No Capítulo II, apresentamos os pressupostos legais à adoção de novas formas de organização escolar tendo como enfoque o preceito constitucional do “direito a educação” e as alternativas propostas para normalizar o fluxo escolar destacando algumas das experiências pedagógicas de organização do tempo escolar do passado.

No Capítulo III, procuramos contextualizar o momento de inovação e renovação pedagógica apresentando os pressupostos filosóficos, psicológicos e sociológicos que constituíram o embasamento teórico e justificaram a implantação de medidas de adequação das escolas.

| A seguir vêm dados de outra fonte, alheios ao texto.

(* For every integer $n \geq 1$, $D_n = Der_n + (-1)^{n-1}$. Equivalently, $D_n = n!\sum_{k=0}^{n-1}\frac{(-1)^k}{k!}$.
   Context: A linear arrangement of $\{1,\ldots,n\}$ is a sequence $a_1\cdots a_n$ in which each of $1,\ldots,n$ appears exactly once. It contains the pattern $ij$ if $a_t=i$ and $a_{t+1}=j$ for some $t$; otherwise it avoids it. $D_n$ is the number of linear arrangements of $\{1,\ldots,n\}$ avoiding all of the patterns $12, 23, \ldots, (n-1)n, n1$. $Der_n = n!\sum_{k=0}^n \frac{(-1)^k}{k!}$ is the $n$-th derangement number, the number of permutations of $\{1,\ldots,n\}$ with no fixed point. *)

From mathcomp Require Import all_boot all_order all_algebra all_fingroup.
Set Implicit Arguments. Unset Strict Implicit. Unset Printing Implicit Defensive.
Import GRing.Theory Num.Theory.
Local Open Scope ring_scope.

(* A linear arrangement a_1 ... a_n of {1..n} is encoded as a permutation
   s : 'S_n of 'I_n, position t (0-based) holding value (s t).+1.
   Values are shifted down by one: value i in {1..n} is encoded as i-1.
   Pattern ij (i,j in {1..n}) occurs iff a_t = i and a_{t+1} = j for some t. *)

Definition contains_pattern (n : nat) (s : 'S_n) (i j : nat) : bool :=
  [exists t : 'I_n, exists t' : 'I_n,
     [&& (t'.+1 == t.+1.+1)%N, ((s t).+1 == i)%N & ((s t').+1 == j)%N]].

Definition avoids_all (n : nat) (s : 'S_n) : bool :=
  [forall i : 'I_n,
     ~~ contains_pattern s i.+1 (if (i.+1 < n)%N then i.+2 else 1%N)].

Definition D (n : nat) : nat := #|[set s : 'S_n | avoids_all s]|.

Definition Der (n : nat) : rat :=
  (n`!)%:R * \sum_(k < n.+1) (-1) ^+ k / (k`!)%:R.

From mathcomp Require Import all_boot all_order all_algebra all_fingroup.
Import GRing.Theory Num.Theory.
Set Implicit Arguments. Unset Strict Implicit. Unset Printing Implicit Defensive.

(* Inclusion-exclusion over the set X of cyclic successions i -> i+1 (mod n)
   that an arrangement is required to contain.  Requiring a succession a -> b
   glues b onto a: deleting b is a bijection onto the arrangements of the cycle
   with b contracted into a, which has one point less.  Hence if X is a proper
   subset of the n successions, exactly (n - |X|)! arrangements contain X,
   while none contains all of them (the first entry would have to follow its
   cyclic predecessor).  So
   D_n = sum_{k<n} (-1)^k C(n,k) (n-k)! = n! sum_{k<n} (-1)^k / k!. *)

Section Successions.
Variable T : eqType.
Implicit Types (s c X : seq T) (a b x y z : T).

Lemma infix2_cons x y z s :
  infix [:: x; y] (z :: s) = (z == x) && prefix [:: y] s || infix [:: x; y] s.
Proof. by rewrite infix_consl prefix_cons eq_sym. Qed.

Lemma infix2_mem x y s : infix [:: x; y] s -> x \in s.
Proof. by move/mem_infix; apply; apply: mem_head. Qed.

Lemma infix2_behead x y s : infix [:: x; y] s -> y \in behead s.
Proof.
case/infixP=> [[|w p] [q ->]] /=; first by rewrite inE eqxx.
by rewrite mem_cat !inE eqxx !orbT.
Qed.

No Capítulo IV, apresentamos a reforma implantada no ensino público de Uberaba, o Regime de Progressão Continuada: suas características, fundamentos e estratégias para a reorganização do ensino fundamental. Por meio das falas das equipes dirigentes das escolas, buscamos demonstrar como foi a aceitação das escolas em relação à proposta do Regime de Progressão Continuada organizado em ciclos.

O Capítulo V é dedicado a exposição do pensamento das equipes dirigentes das escolas da rede municipal de ensino de Uberaba em relação ao cotidiano pedagógico depois da implantação do Regime de Progressão Continuada no Ensino Fundamental. Buscamos identificar nos discursos quais as mudanças ocorridas e quais as adequações realizadas. Enfocamos questões pedagógicas como: a enturmação dos alunos, as estratégias adotadas visando respeitar o ritmo de aprendizagem dos alunos e a adequação do planejamento, currículo e avaliação.

No Capítulo VI apresentamos as declarações das equipes dirigentes das escolas em relação a preparação do professor para a atuação em uma escola organizada por meio de ciclos e quais as dificuldades enfrentadas pela escola para se organizar de acordo com a proposta do Regime de Progressão Continuada.

No último capítulo, Capítulo VII, denominado “uma transformação inconclusa” apoiada nas falas das equipes dirigentes das escolas sobre a realidade da implantação do Regime de Progressão Continuada no Ensino Fundamental nas escolas da Rede Municipal de Uberaba, buscamos respostas para o problema que gerou a dissertação: a organização escolar através de ciclos favorece a classe popular, atende mais aos objetivos de uma escola democrática e de qualidade contribuindo para o desenvolvimento de uma ação educativa eficiente, a construção do conhecimento e a formação para a cidadania?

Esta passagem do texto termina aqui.